Tot slot, mijnheer Elzinga.

De heer Elzinga (SP):

Het zou ook zo kunnen zijn dat er een verschuiving heeft plaatsgevonden van investeringen van andere landen naar Ghana nu ineens via ons land.

De heer Essers (CDA):

Dat kan ik nu niet beantwoorden, maar dat is nu net wat ik bedoel met feitenonderzoek. We veronderstellen iets en dat is niet wetenschappelijk onderbouwd. Ik wijs nogmaals op het onderzoek van het Internationaal Bureau voor Fiscale Documentatie waarin een uitstekende onderbouwing staat van de effecten van het Nederlandse beleid op ontwikkelingslanden. Ik kan mij daarin vinden in die zin dat ik de redenering kan volgen, maar er zijn heel veel andere gepubliceerde onderzoeken waarvan ik de redenering niet kan volgen. Daar heb ik dan toch mijn twijfels over. Dus ik pleit niet voor het stoppen van elk onderzoek. Integendeel, feitenonderzoek, daar gaat het om.

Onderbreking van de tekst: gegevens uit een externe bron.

(* In a large society, the welfare maximizing equilibrium is not collaborative; that is, there is no welfare maximizing equilibrium with $C(\mathbf{g}^W)=\{i,j\}$ and $g^W_{ij}=g^W_{ji}=1$.
   Context: Model: $N=\{1,\dots,n\}$, $n\ge 3$, is the set of players. Each player $i$ chooses contributions $x_i\ge 0$, $y_i\ge 0$ to two public goods and links $g_{ij}\in\{0,1\}$ for $j\neq i$ (the directed network $\mathbf{g}$; $g_{ij}=1$ means $i$ sponsors a link to $j$). Let $N_i(\mathbf{g})=\{j: g_{ij}=1\}$, $\eta_i(\mathbf{g})=|N_i(\mathbf{g})|$, $\bar{x}_i(\mathbf{g})=\sum_{j\in N_i(\mathbf{g})}x_j$, $\bar{y}_i(\mathbf{g})=\sum_{j\in N_i(\mathbf{g})}y_j$. Player $i$'s payoff is $U_i(\mathbf{s})=t_i f(x_i+\bar{x}_i(\mathbf{g}))+(1-t_i)f(y_i+\bar{y}_i(\mathbf{g}))-c(x_i+y_i)-\eta_i(\mathbf{g})k$, where $t_i\in[0,1]$ is $i$'s type, $c>0$, $k>0$, and $f$ is twice continuously differentiable, strictly increasing and strictly concave with $\lim_{z\to0}f'(z)>c$ and $\lim_{z\to\infty}f'(z)<c$. Types are drawn from a continuous distribution on $[0,1]$, so they are distinct; players are indexed so that $t_i>t_j$ whenever $i>j$, and types $0$ and $1$ are realized. A Nash equilibrium is a profile $\mathbf{s}^*=(\mathbf{x}^*,\mathbf{y}^*,\mathbf{g}^* )$ from which no player can profitably deviate in her own contributions and links jointly. $C(\mathbf{g})=\{i: g_{ji}=1\text{ for some }j\}$ is the set of large contributors. Welfare is $\sum_{i\in N}U_i(\mathbf{s})$; the welfare maximizing equilibrium $\mathbf{s}^W$ (network $\mathbf{g}^W$) is a Nash equilibrium with welfare at least that of every Nash equilibrium. A large society is the limit $n\to\infty$ with types dense in $[0,1]$. *)

From Stdlib Require Import Reals Lra Lia Arith.
From Coquelicot Require Import Coquelicot.
Open Scope R_scope.

Fixpoint sumto (n : nat) (F : nat -> R) : R :=
  match n with
  | O => 0
  | S m => sumto m F + F m
  end.

(* Players are 0, ..., n-1.  A strategy profile is given by contributions
   x, y : nat -> R and links g : nat -> nat -> bool (g i j = true means that
   i sponsors a link to j); only entries with indices < n and j <> i matter. *)

Definition link (n : nat) (g : nat -> nat -> bool) (i j : nat) : bool :=
  (Nat.ltb j n && negb (Nat.eqb j i) && g i j)%bool.

Definition nbsum (n : nat) (g : nat -> nat -> bool) (x : nat -> R) (i : nat) : R :=
  sumto n (fun j => if link n g i j then x j else 0).

Definition eta (n : nat) (g : nat -> nat -> bool) (i : nat) : R :=
  sumto n (fun j => if link n g i j then 1 else 0).

Definition payoff (n : nat) (f : R -> R) (c k : R) (t : nat -> R)
  (x y : nat -> R) (g : nat -> nat -> bool) (i : nat) : R :=
  t i * f (x i + nbsum n g x i) + (1 - t i) * f (y i + nbsum n g y i)
  - c * (x i + y i) - eta n g i * k.

Definition welfare (n : nat) (f : R -> R) (c k : R) (t : nat -> R)
  (x y : nat -> R) (g : nat -> nat -> bool) : R :=
  sumto n (fun i => payoff n f c k t x y g i).

Definition admissible (n : nat) (x y : nat -> R) : Prop :=
  forall i, (i < n)%nat -> 0 <= x i /\ 0 <= y i.

Definition upd_R (x : nat -> R) (i : nat) (v : R) : nat -> R :=
  fun j => if Nat.eqb j i then v else x j.
Definition upd_g (g : nat -> nat -> bool) (i : nat) (gi : nat -> bool)
  : nat -> nat -> bool :=
  fun a b => if Nat.eqb a i then gi b else g a b.

Definition nash (n : nat) (f : R -> R) (c k : R) (t : nat -> R)
  (x y : nat -> R) (g : nat -> nat -> bool) : Prop :=
  admissible n x y /\
  forall i, (i < n)%nat ->
  forall (xi yi : R) (gi : nat -> bool), 0 <= xi -> 0 <= yi ->
    payoff n f c k t (upd_R x i xi) (upd_R y i yi) (upd_g g i gi) i
      <= payoff n f c k t x y g i.

Definition welfare_max_eq (n : nat) (f : R -> R) (c k : R) (t : nat -> R)
  (x y : nat -> R) (g : nat -> nat -> bool) : Prop :=
  nash n f c k t x y g /\
  forall x' y' g', nash n f c k t x' y' g' ->
    welfare n f c k t x' y' g' <= welfare n f c k t x y g.

Definition large_contributor (n : nat) (g : nat -> nat -> bool) (m : nat) : Prop :=
  (m < n)%nat /\ exists j, (j < n)%nat /\ link n g j m = true.

Definition collaborative (n : nat) (g : nat -> nat -> bool) : Prop :=
  exists i j, (i < n)%nat /\ (j < n)%nat /\ i <> j /\
    link n g i j = true /\ link n g j i = true /\
    forall m, (m < n)%nat -> (large_contributor n g m <-> (m = i \/ m = j)).

Definition f_assumptions (f : R -> R) (c : R) : Prop :=
  (forall z, 0 < z ->
     ex_derive f z /\ ex_derive (Derive f) z /\
     continuous (Derive (Derive f)) z) /\
  filterlim f (at_right 0) (locally (f 0)) /\
  (forall a b, 0 <= a -> a < b -> f a < f b) /\
  (forall a b l, 0 <= a -> 0 <= b -> a <> b -> 0 < l < 1 ->
     l * f a + (1 - l) * f b < f (l * a + (1 - l) * b)) /\
  (exists L : Rbar, filterlim (Derive f) (at_right 0) (Rbar_locally L)
                    /\ Rbar_lt (Finite c) L) /\
  (exists L : Rbar, filterlim (Derive f) (Rbar_locally p_infty) (Rbar_locally L)
                    /\ Rbar_lt L (Finite c)).

Definition type_profile (n : nat) (t : nat -> R) : Prop :=
  (forall i j, (j < i)%nat -> (i < n)%nat -> t j < t i) /\
  t 0%nat = 0 /\ t (n - 1)%nat = 1.

Definition delta_dense (n : nat) (t : nat -> R) (delta : R) : Prop :=
  forall z, 0 <= z <= 1 -> exists i, (i < n)%nat /\ Rabs (t i - z) < delta.

(* Let ms maximise f z - c z, the provision of a type-1 player on her own.
   In a collaborative equilibrium one large contributor i provides the first
   good, the other, j, the second, and everybody else links to them.  Since i
   also pays for a link to j, her type is bounded away from 1, so her
   provision falls short of ms by a margin h independent of the society;
   moreover t_j < t_i.  Replace the network by two stars: the type-1 player
   provides ms of the first good, the type-0 player ms of the second, and every
   other player either links to the relevant hub or keeps her contribution.
   As t_j < t_i, every player finds a link to at least one hub worthwhile,
   which makes the stars an equilibrium.  The hubs lose at most c ms each,
   nobody else loses, and every player with type in [b, 1) gains c h / 2;
   when types are dense there are more than 4 ms / h such players, so the
   star equilibrium has strictly higher welfare. *)

From Stdlib Require Import Reals Lra Lia ZArith.
From Coquelicot Require Import Coquelicot.
Open Scope R_scope.

(** * Concavity and derivatives *)

Definition strict_concave_nonneg (f : R -> R) : Prop :=
  forall a b l, 0 <= a -> 0 <= b -> a <> b -> 0 < l < 1 ->
    l * f a + (1 - l) * f b < f (l * a + (1 - l) * b).

Lemma chord_slopes_decrease f u v w : strict_concave_nonneg f ->
  0 <= u -> u < v -> v < w -> (f w - f v) * (v - u) <= (f v - f u) * (w - v).
Proof.
  intros Hc Hu Huv Hvw.
  set (l := (w - v) / (w - u)).
  assert (Hl : 0 < l < 1).
  { unfold l; split; [apply Rdiv_lt_0_compat; lra|].
    apply (Rmult_lt_reg_r (w - u)); [lra|].
    unfold Rdiv; rewrite Rmult_assoc, Rinv_l; lra. }
  assert (Hv : l * u + (1 - l) * w = v) by (unfold l; field; lra).
  assert (Hlw : l * (w - u) = w - v) by (unfold l; field; lra).
  pose proof (Hc u w l Hu ltac:(lra) ltac:(lra) Hl) as H. rewrite Hv in H.
  assert ((l * f u + (1 - l) * f w) * (w - u) <= f v * (w - u))
    by (apply Rmult_le_compat_r; lra).
  nra.
Qed.

Lemma derivable_pt_lim_linear_error f z d : derivable_pt_lim f z d ->
  forall eps, 0 < eps -> exists del, 0 < del /\ forall e, e <> 0 -> Rabs e < del ->
    Rabs (f (z + e) - f z - d * e) <= eps * Rabs e.
Proof.
  intros Hd eps Heps. destruct (Hd eps Heps) as [del Hdel].
  exists del. split; [apply cond_pos|]. intros e He0 He.
  replace (f (z + e) - f z - d * e) with (((f (z + e) - f z) / e - d) * e) by (field; lra).
  rewrite Rabs_mult. apply Rmult_le_compat_r; [apply Rabs_pos|].
  left. apply Hdel; assumption.
Qed.

Lemma derive_le_of_right_slopes f z d B eta : derivable_pt_lim f z d -> 0 < eta ->
  (forall e, 0 < e < eta -> f (z + e) - f z <= B * e) -> d <= B.
Proof.
  intros Hd Heta H. apply Rnot_lt_le. intros HBd.
  destruct (derivable_pt_lim_linear_error f z d Hd ((d - B) / 2) ltac:(lra)) as [del [Hdel Herr]].
  set (e := Rmin del eta / 2).
  assert (He : 0 < e < del /\ e < eta) by (unfold e; split; [split|]; apply Rmin_case_strong; lra).
  specialize (Herr e ltac:(lra) ltac:(rewrite Rabs_pos_eq; lra)).
  rewrite (Rabs_pos_eq e) in Herr by lra. apply Rabs_le_between in Herr.
  specialize (H e ltac:(lra)). nra.
Qed.

Lemma derive_ge_of_left_slopes f z d B eta : derivable_pt_lim f z d -> 0 < eta ->
  (forall e, 0 < e < eta -> B * e <= f z - f (z - e)) -> B <= d.
Proof.
  intros Hd Heta H. apply Rnot_lt_le. intros HdB.
  destruct (derivable_pt_lim_linear_error f z d Hd ((B - d) / 2) ltac:(lra)) as [del [Hdel Herr]].
  set (e := Rmin del eta / 2).
  assert (He : 0 < e < del /\ e < eta) by (unfold e; split; [split|]; apply Rmin_case_strong; lra).
  specialize (Herr (- e) ltac:(lra) ltac:(rewrite Rabs_Ropp, Rabs_pos_eq; lra)).
  rewrite Rabs_Ropp, (Rabs_pos_eq e) in Herr by lra. apply Rabs_le_between in Herr.
  replace (z + - e) with (z - e) in Herr by ring.
  specialize (H e ltac:(lra)). nra.
Qed.

Lemma concave_below_tangent f z d w : strict_concave_nonneg f ->
  derivable_pt_lim f z d -> 0 < z -> 0 <= w -> f w <= f z + d * (w - z).
Proof.
  intros Hc Hd Hz Hw.
  destruct (Rtotal_order w z) as [Hlt | [-> | Hgt]]; [| lra |].
  - set (s := (f z - f w) / (z - w)).
    assert (Es : s * (z - w) = f z - f w) by (unfold s; field; lra).
    enough (d <= s) by nra.
    apply (derive_le_of_right_slopes f z d s 1 Hd); [lra|].
    intros e He.
    pose proof (chord_slopes_decrease f w z (z + e) Hc Hw Hlt ltac:(lra)). nra.
  - set (s := (f w - f z) / (w - z)).
    assert (Es : s * (w - z) = f w - f z) by (unfold s; field; lra).
    enough (s <= d) by nra.
    apply (derive_ge_of_left_slopes f z d s z Hd Hz).
    intros e He.
    pose proof (chord_slopes_decrease f (z - e) z w Hc ltac:(lra) ltac:(lra) Hgt). nra.
Qed.

Lemma Derive_gt_near_0 (f : R -> R) c : f_assumptions f c ->
  exists z, 0 < z /\ c < Derive f z.
Proof.
  intros (_ & _ & _ & _ & [L [HL HcL]] & _).
  destruct (HL _ (open_Rbar_gt' L c HcL)) as [eps Heps].
  exists (eps / 2). pose proof (cond_pos eps).
  split; [lra|]. apply Heps; [|lra].
  change (Rabs (eps / 2 - 0) < eps). rewrite Rminus_0_r, Rabs_pos_eq; lra.
Qed.

Lemma Derive_lt_near_infty (f : R -> R) c : f_assumptions f c ->
  exists z, 0 < z /\ Derive f z < c.
Proof.
  intros (_ & _ & _ & _ & _ & [L [HL HLc]]).
  destruct (HL _ (open_Rbar_lt' L c HLc)) as [M HM].
  exists (Rmax M 0 + 1). pose proof (Rmax_l M 0). pose proof (Rmax_r M 0).
  split; [lra|]. apply HM. lra.
Qed.

(** * The net benefit f z - c z *)

Definition is_net_max (f : R -> R) (c ms : R) : Prop :=
  0 < ms /\ forall w, 0 <= w -> f w - c * w <= f ms - c * ms.

Section NetBenefit.

Variables (f : R -> R) (c : R).
Hypotheses (Hf : f_assumptions f c) (Hc : 0 < c).

Lemma f_strict_concave : strict_concave_nonneg f.
Proof. unfold strict_concave_nonneg. apply Hf. Qed.

Lemma f_derivable z : 0 < z -> derivable_pt_lim f z (Derive f z).
Proof.
  intros Hz. apply is_derive_Reals, Derive_correct, (proj1 (proj1 Hf z Hz)).
Qed.

Lemma f_lt a b : 0 <= a -> a < b -> f a < f b.
Proof. apply Hf. Qed.
(* Let $n\ge1$. Every configuration in $\Omega'_n$ can be divided uniquely into rectangular blocks of sizes $n\times n$, $n\times(n+1)$, $(n+1)\times n$ and $(n+1)\times(n+1)$, each containing a unique junction tile (tile of $J'_n$), located at its lower left corner.
   Context: $V_n=\{(v_0,v_1,v_2)\in\mathbb{Z}^3: 0\le v_0\le v_1\le 1,\ v_1\le v_2\le n+1\}$, elements written as words $v_0v_1v_2$. A Wang tile is $t=(a,b,c,d)$ with $\mathrm{RIGHT}(t)=a$, $\mathrm{TOP}(t)=b$, $\mathrm{LEFT}(t)=c$, $\mathrm{BOTTOM}(t)=d$; $\hat t=(b,a,d,c)$, $\hat S=\{\hat t:t\in S\}$. Define (as (right, top, left, bottom)): $W_n=\{(11(i+1),11(j+1),11i,11j):1\le i,j\le n\}$; $B'_n=\{(00(i+1),111,00i,11n):0\le i\le n\}$; $G_n=\{(01(i+1),111,00i,11(n+1)):0\le i\le n\}$; $Y_n=\{(01(i+1),112,01i,11(n+1)):1\le i\le n\}$; $A_n=\{(00(i+1),112,01i,11n):1\le i\le n\}$; $J'_n=\{((0,k,l),(0,r,s),(0,s,r+n),(0,l,k+n)):(k,l),(r,s)\in\{(0,0),(0,1),(1,1)\}\}$ (junction tiles). $\mathcal T'_n=W_n\cup B'_n\cup G_n\cup Y_n\cup A_n\cup\hat B'_n\cup\hat G_n\cup\hat Y_n\cup\hat A_n\cup J'_n$. $\Omega'_n$ is the set of configurations $x:\mathbb Z^2\to\mathcal T'_n$ with $\mathrm{RIGHT}(x(\mathbf m))=\mathrm{LEFT}(x(\mathbf m+\mathbf e_1))$ and $\mathrm{TOP}(x(\mathbf m))=\mathrm{BOTTOM}(x(\mathbf m+\mathbf e_2))$ for all $\mathbf m$. *)

From Stdlib Require Import ZArith Lia.
Open Scope Z_scope.

(* A colour is a word v0 v1 v2, represented as a triple of integers. *)
Definition color := (Z * Z * Z)%type.
Definition col (a b c : Z) : color := (a, b, c).

Definition tile := (color * color * color * color)%type.
Definition mkt (r t l b : color) : tile := (r, t, l, b).
Definition RIGHT (t : tile) : color := let '(r, _, _, _) := t in r.
Definition TOP (t : tile) : color := let '(_, tp, _, _) := t in tp.
Definition LEFT (t : tile) : color := let '(_, _, l, _) := t in l.
Definition BOTTOM (t : tile) : color := let '(_, _, _, b) := t in b.

Definition hat (t : tile) : tile := mkt (TOP t) (RIGHT t) (BOTTOM t) (LEFT t).
Definition hatS (S : tile -> Prop) (t : tile) : Prop := exists s, S s /\ t = hat s.

Definition W_n (n : Z) (t : tile) : Prop :=
  exists i j, 1 <= i <= n /\ 1 <= j <= n /\
    t = mkt (col 1 1 (i+1)) (col 1 1 (j+1)) (col 1 1 i) (col 1 1 j).
Definition B'_n (n : Z) (t : tile) : Prop :=
  exists i, 0 <= i <= n /\ t = mkt (col 0 0 (i+1)) (col 1 1 1) (col 0 0 i) (col 1 1 n).
Definition G_n (n : Z) (t : tile) : Prop :=
  exists i, 0 <= i <= n /\ t = mkt (col 0 1 (i+1)) (col 1 1 1) (col 0 0 i) (col 1 1 (n+1)).
Definition Y_n (n : Z) (t : tile) : Prop :=
  exists i, 1 <= i <= n /\ t = mkt (col 0 1 (i+1)) (col 1 1 2) (col 0 1 i) (col 1 1 (n+1)).
Definition A_n (n : Z) (t : tile) : Prop :=
  exists i, 1 <= i <= n /\ t = mkt (col 0 0 (i+1)) (col 1 1 2) (col 0 1 i) (col 1 1 n).

Definition kl_pair (k l : Z) : Prop :=
  (k = 0 /\ l = 0) \/ (k = 0 /\ l = 1) \/ (k = 1 /\ l = 1).

Definition J'_n (n : Z) (t : tile) : Prop :=
  exists k l r s, kl_pair k l /\ kl_pair r s /\
    t = mkt (col 0 k l) (col 0 r s) (col 0 s (r+n)) (col 0 l (k+n)).

Definition T'_n (n : Z) (t : tile) : Prop :=
  W_n n t \/ B'_n n t \/ G_n n t \/ Y_n n t \/ A_n n t \/
  hatS (B'_n n) t \/ hatS (G_n n) t \/ hatS (Y_n n) t \/ hatS (A_n n) t \/
  J'_n n t.

Definition pos := (Z * Z)%type.
Definition config := pos -> tile.

Definition Omega' (n : Z) (x : config) : Prop :=
  (forall m, T'_n n (x m)) /\
  (forall p q, RIGHT (x (p, q)) = LEFT (x (p+1, q))) /\
  (forall p q, TOP (x (p, q)) = BOTTOM (x (p, q+1))).

Definition block := (Z * Z * Z * Z)%type.
Definition in_block (B : block) (m : pos) : Prop :=
  let '(a, b, w, h) := B in let '(p, q) := m in
  a <= p < a + w /\ b <= q < b + h.

Definition good_division (n : Z) (x : config) (P : block -> Prop) : Prop :=
  (forall a b w h, P (a, b, w, h) ->
     (w = n \/ w = n + 1) /\ (h = n \/ h = n + 1) /\
     J'_n n (x (a, b)) /\
     (forall m, in_block (a, b, w, h) m -> J'_n n (x m) -> m = (a, b))) /\
  (forall m, exists B, P B /\ in_block B m /\
     (forall B', P B' -> in_block B' m -> B' = B)).

From Stdlib Require Import ZArith Lia Classical.
Open Scope Z_scope.

(* The letter v0 of a colour is carried unchanged across a tile horizontally
   and vertically, so it is constant on the left edges of a row and on the
   bottom edges of a column, and a tile is a junction exactly when both are 0.
   The junctions therefore form a product X × Y of "junction columns" and
   "junction rows", and the blocks are forced to be the products of the gaps
   between consecutive elements of X and of Y.  Along a row, the letter v2
   grows by one across each non-junction column while staying in [0, n], and
   across a junction column it drops from [n, n+1] to [v0, v0+1]; comparing
   a junction row with a non-junction row shows that consecutive junction
   columns are n or n+1 apart.  A non-junction row exists, for otherwise the
   letter v1 propagates from one junction column to the next with the wrong
   value. *)

Lemma Z_ind_from (P : Z -> Prop) (a : Z) :
  P a -> (forall j, a <= j -> P j -> P (j + 1)) -> forall j, a <= j -> P j.
Proof.
  intros H0 HS j Hj.
  apply (Z.le_ind P) with a; [intros ? ? ->; reflexivity | exact H0 | | exact Hj].
  intros m Hm Pm; rewrite <- Z.add_1_r; auto.
Qed.

Lemma Z_const_of_succ {A : Type} (f : Z -> A) :
  (forall p, f (p + 1) = f p) -> forall p, f p = f 0.
Proof.
  intros Hf p; induction p using Z.peano_ind.
  - reflexivity.
  - rewrite <- Z.add_1_r, Hf; exact IHp.
  - rewrite <- IHp, <- (Hf (Z.pred p)); f_equal; lia.
Qed.

Lemma Z_max_in_interval (P : Z -> Prop) a b : a <= b -> P a ->
  exists c, a <= c <= b /\ P c /\ forall j, c < j <= b -> ~ P j.
Proof.
  intros Hab Pa; revert b Hab; refine (Z_ind_from _ a _ _).
  - exists a; repeat split; [lia | lia | exact Pa | lia].
  - intros b Hab (c & Hc & Pc & Hmax).
    destruct (classic (P (b + 1))) as [Pb | nPb].
    + exists (b + 1); repeat split; [lia | lia | exact Pb | lia].
    + exists c; repeat split; [lia | lia | exact Pc |].
      intros j Hj; destruct (Z.eq_dec j (b + 1)) as [-> | ne]; [exact nPb | apply Hmax; lia].
Qed.

Lemma Z_min_in_interval (P : Z -> Prop) a b : a <= b -> P b ->
  exists c, a <= c <= b /\ P c /\ forall j, a <= j < c -> ~ P j.
Proof.
  intros Hab Pb.
  destruct (Z_max_in_interval (fun j => P (- j)) (- b) (- a)) as (c & Hc & Pc & Hmax).
  - lia.
  - rewrite Z.opp_involutive; exact Pb.
  - exists (- c); repeat split; [lia | lia | exact Pc |].
    intros j Hj; rewrite <- (Z.opp_involutive j); apply Hmax; lia.
Qed.

Definition consecutive (X : Z -> Prop) (a b : Z) : Prop :=
  a < b /\ X a /\ X b /\ forall j, a < j < b -> ~ X j.

Lemma consecutive_enclosing (X : Z -> Prop) p :
  (exists a, a <= p /\ X a) -> (exists b, p < b /\ X b) ->
  exists a b, consecutive X a b /\ a <= p < b.
Proof.
  intros (a0 & Ha0 & Xa0) (b0 & Hb0 & Xb0).
  destruct (Z_max_in_interval X a0 p) as (a & Ha & Xa & Hmax); [lia | exact Xa0 |].
  destruct (Z_min_in_interval X (p + 1) b0) as (b & Hb & Xb & Hmin); [lia | exact Xb0 |].
  exists a, b; repeat split; [lia | exact Xa | exact Xb | | lia | lia].
  intros j Hj; destruct (Z.le_gt_cases j p); [apply Hmax | apply Hmin]; lia.
Qed.

Lemma consecutive_unique (X : Z -> Prop) a b a' b' p :
  consecutive X a b -> consecutive X a' b' -> a <= p < b -> a' <= p < b' ->
  a = a' /\ b = b'.
Proof.
  intros (_ & Xa & Xb & Hint) (_ & Xa' & Xb' & Hint') Hp Hp'.
  assert (Ea : a = a').
  { destruct (Z.lt_trichotomy a a') as [lt | [eq | gt]]; [| exact eq |]; exfalso.
    - apply (Hint a'); [lia | exact Xa'].
    - apply (Hint' a); [lia | exact Xa]. }
  subst a'; split; [reflexivity |].
  destruct (Z.lt_trichotomy b b') as [lt | [eq | gt]]; [| exact eq |]; exfalso.
  - apply (Hint' b); [lia | exact Xb].
  - apply (Hint b'); [lia | exact Xb'].
Qed.

Definition grid_block (X Y : Z -> Prop) (B : block) : Prop :=
  let '(a, b, w, h) := B in consecutive X a (a + w) /\ consecutive Y b (b + h).

Lemma grid_block_unique X Y B B' m :
  grid_block X Y B -> grid_block X Y B' -> in_block B m -> in_block B' m -> B = B'.
Proof.
  destruct B as [[[a b] w] h], B' as [[[a' b'] w'] h'], m as [p q]; cbn.
  intros [HX HY] [HX' HY'] Hm Hm'.
  destruct (consecutive_unique X _ _ _ _ p HX HX') as [-> Ew]; [lia | lia |].
  destruct (consecutive_unique Y _ _ _ _ q HY HY') as [-> Eh]; [lia | lia |].
  f_equal; [f_equal |]; lia.
Qed.

Section GoodDivision.

Variables (n : Z) (x : config) (X Y : Z -> Prop).
Hypothesis junction_iff : forall p q, J'_n n (x (p, q)) <-> X p /\ Y q.

Section Blocks.

Variable Q : block -> Prop.
Hypothesis HQ : good_division n x Q.

Lemma good_division_block_eq B B' m :
  Q B -> Q B' -> in_block B m -> in_block B' m -> B = B'.
Proof.
  intros QB QB' Hm Hm'; destruct (proj2 HQ m) as (B0 & _ & _ & Huniq).
  rewrite (Huniq B), (Huniq B'); auto.
Qed.

Lemma good_division_corner_junction a b w h : Q (a, b, w, h) -> X a /\ Y b.
Proof. intros QB; apply junction_iff, (proj1 HQ a b w h QB). Qed.

Lemma good_division_corner a b w h p q :
  Q (a, b, w, h) -> in_block (a, b, w, h) (p, q) -> X p -> Y q -> p = a /\ q = b.
Proof.
  intros QB Hm Xp Yq; destruct (proj1 HQ a b w h QB) as (_ & _ & _ & Huniq).
  assert (E : (p, q) = (a, b)) by (apply Huniq; [exact Hm | apply junction_iff; auto]).
  injection E; auto.
Qed.

Hypothesis hn : 0 < n.

Lemma good_division_right_edge a b w h : Q (a, b, w, h) -> consecutive X a (a + w).
Proof.
  intros QB; destruct (proj1 HQ a b w h QB) as (Hw & Hh & _).
  destruct (good_division_corner_junction _ _ _ _ QB) as [Xa Yb].
  assert (Hint : forall j, a < j < a + w -> ~ X j).
  { intros j Hj Xj.
    destruct (good_division_corner a b w h j b QB) as [E _];
      [cbn; lia | exact Xj | exact Yb | lia]. }
  repeat split; [lia | exact Xa | | exact Hint].
  destruct (proj2 HQ (a + w, b)) as ([[[a' b'] w'] h'] & QB' & Hm' & _); cbn in Hm'.
  destruct (good_division_corner_junction _ _ _ _ QB') as [Xa' _].
  destruct (Z.eq_dec a' (a + w)) as [<- | ne]; [exact Xa' | exfalso].
  (* Otherwise the block at (a + w, b) starts left of a, so it contains the junction (a, b). *)
  assert (a' <= a) by (apply Z.nlt_ge; intro; apply (Hint a'); [lia | exact Xa']).
  destruct (good_division_corner a' b' w' h' a b QB') as [<- <-];
    [cbn; lia | exact Xa | exact Yb |].
  assert (E : (a, b, w, h) = (a, b, w', h')).
  { apply (good_division_block_eq _ _ (a, b)); [exact QB | exact QB' | cbn; lia | cbn; lia]. }
  injection E; lia.
Qed.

Uit het onderzoek van SEO blijkt onder meer dat de zogenoemde "bijzondere financiële instellingen" 3 tot 4 miljard euro per jaar bijdragen aan de Nederlandse economie in de vorm van belastingen, loonkosten en diensten die zij inkopen bij zakelijke dienstverleners en dat zij een directe en indirecte werkgelegenheid verschaffen tussen de 8.800 en 13.000 fte. Uit het IBFD-onderzoek blijkt dat niet kan worden aangetoond dat de door Nederland gesloten belastingverdragen met ontwikkelingslanden nadelig zijn voor die landen. In ieder geval staat vast dat de door Nederland gesloten belastingverdragen niet substantieel verschillen van de verdragen die door andere landen met diezelfde ontwikkelingslanden zijn gesloten.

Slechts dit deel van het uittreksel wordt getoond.